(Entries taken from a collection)
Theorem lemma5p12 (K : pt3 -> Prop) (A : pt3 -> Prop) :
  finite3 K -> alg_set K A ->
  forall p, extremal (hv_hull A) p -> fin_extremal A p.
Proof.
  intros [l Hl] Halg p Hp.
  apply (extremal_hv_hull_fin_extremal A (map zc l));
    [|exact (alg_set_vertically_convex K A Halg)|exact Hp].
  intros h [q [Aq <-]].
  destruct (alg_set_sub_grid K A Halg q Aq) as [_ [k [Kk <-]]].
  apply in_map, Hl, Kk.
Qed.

ACTIVITY:
Starting with the line that contains "destruct (alg_set_sub_grid K", restate every line up to and including the last one above, exactly.

THE ANSWER:
  destruct (alg_set_sub_grid K A Halg q Aq) as [_ [k [Kk <-]]].
  apply in_map, Hl, Kk.
Qed.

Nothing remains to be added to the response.